(Collected data)

(* All states met by the protocols lie in the W class
   Wstate a = sum_k a_k |e_k>, where e_k is the basis index with a single
   excitation at party k.  A two-outcome measurement by party i with diagonal
   Kraus operators only rescales the amplitudes (apply_dmx), and a W-class
   state whose nonzero amplitudes are two equal ones on parties i, j is an
   EPR pair on {i, j} times |0> elsewhere (bell_edge).  Validity and success
   probability of a tree of such measurements thus reduce to bookkeeping of
   four amplitudes.

   Protocol (w4_protocol): C, A, B, D in turn apply the weak filter
   {diag(m,1), diag(n,0)}.  The outcome diag(n,0) removes the measuring party
   and leaves a three-party W state, which is turned into an EPR pair on an
   edge of G_VI, by a computational-basis measurement (success 2/3) or, when
   C dropped out, by the analogous weak-filter protocol on the triangle ABD
   (triangle).  The success probabilities are explicit geometric sums
   (tri_value, w4_value).  With |m|^2 = (sqrt 3 - 1)/2, |s|^2 = 1 - d and
   M, N large they approach (3 + sqrt 3)/6; these estimates are proved over
   any archimedean real field, via Bernoulli's inequality, and transported
   from the real algebraic numbers algR to algC. *)

Lemma ord2P (r : 'I_2) : r = ord0 \/ r = ord_max.
Proof. by case: r => [[|[|//]] ?]; [left|right]; apply: val_inj. Qed.

Definition exc (k : 'I_4) : qidx := [ffun m => if m == k then ord_max else ord0].

Lemma exc_eq (k m : 'I_4) : (exc k == exc m) = (k == m).
Proof.
apply/eqP/eqP => [|-> //] /(congr1 (fun x : qidx => x k)).
by rewrite !ffunE eqxx; case: eqP.
Qed.

Lemma exc_cases (x : qidx) : (exists k, x = exc k) \/ (forall k, x != exc k).
Proof.
case: (pickP (fun k => x == exc k)) => [k /eqP ->|none]; first by left; exists k.
by right => k; rewrite none.
Qed.

Lemma exc_from (x : qidx) k :
  x k = ord_max -> (forall m, m != k -> x m = ord0) -> x = exc k.
Proof.
move=> xk rest; apply/ffunP => m; rewrite ffunE.
by case: eqP => [-> //|/eqP /rest].
Qed.

Lemma weight_one (x : qidx) :
  (\sum_(k < 4) (x k : nat) == 1)%N -> exists k, x = exc k.
Proof.
move=> sum1.
have [k xk] : exists k, x k = ord_max.
  case: (pickP (fun k => x k == ord_max)) => [k /eqP|none]; first by exists k.
  move: sum1; rewrite big1 // => k _.
  by case: (ord2P (x k)) (none k) => ->; rewrite ?eqxx.
move: sum1; rewrite (bigD1 k) //= xk add1n eqSS sum_nat_eq0 => /forallP rest0.
exists k; apply: exc_from => // m mk.
by apply: val_inj; apply/eqP; have := rest0 m; rewrite mk.
Qed.

Definition Wstate (a : 'I_4 -> algC) : qstate :=
  fun x => \sum_(k < 4) (x == exc k)%:R * a k.

Lemma Wstate_exc a k : Wstate a (exc k) = a k.
Proof.
rewrite /Wstate (bigD1 k) //= eqxx mul1r big1 ?addr0 // => m /negbTE.
by rewrite exc_eq eq_sym => ->; rewrite mul0r.
Qed.

Lemma Wstate_out a x : (forall k, x != exc k) -> Wstate a x = 0.
Proof. by move=> hx; rewrite /Wstate big1 // => k _; rewrite (negbTE (hx k)) mul0r. Qed.

Lemma norm2_Wstate a : norm2 (Wstate a) = \sum_(k < 4) `|a k| ^+ 2.
Proof.
have sq x : `|Wstate a x| ^+ 2 = Wstate (fun k => `|a k| ^+ 2) x.
  case: (exc_cases x) => [[k ->]|hx]; first by rewrite !Wstate_exc.
  by rewrite !Wstate_out // normr0 expr0n.
rewrite /norm2; under eq_bigr do rewrite sq.
rewrite /Wstate exchange_big /=; apply: eq_bigr => k _.
rewrite -big_distrl /= (bigD1 (exc k)) //= eqxx big1 ?addr0 ?mul1r // => y.
by move=> /negbTE ->.
Qed.

Definition dmx (d0 d1 : algC) : 'M[algC]_2 :=
  \matrix_(r, c) if r == c then (if r == ord0 then d0 else d1) else 0.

§ **REQUIRED ACTION**
Write out, from the lines above, only those from the line with "Lemma Wstate_out a" to the line with "case: (exc_cases x)", exactly as given, including the first and the last.

§ **OUTPUT OF THE TASK**
Lemma Wstate_out a x : (forall k, x != exc k) -> Wstate a x = 0.
Proof. by move=> hx; rewrite /Wstate big1 // => k _; rewrite (negbTE (hx k)) mul0r. Qed.

Lemma norm2_Wstate a : norm2 (Wstate a) = \sum_(k < 4) `|a k| ^+ 2.
Proof.
have sq x : `|Wstate a x| ^+ 2 = Wstate (fun k => `|a k| ^+ 2) x.
  case: (exc_cases x) => [[k ->]|hx]; first by rewrite !Wstate_exc.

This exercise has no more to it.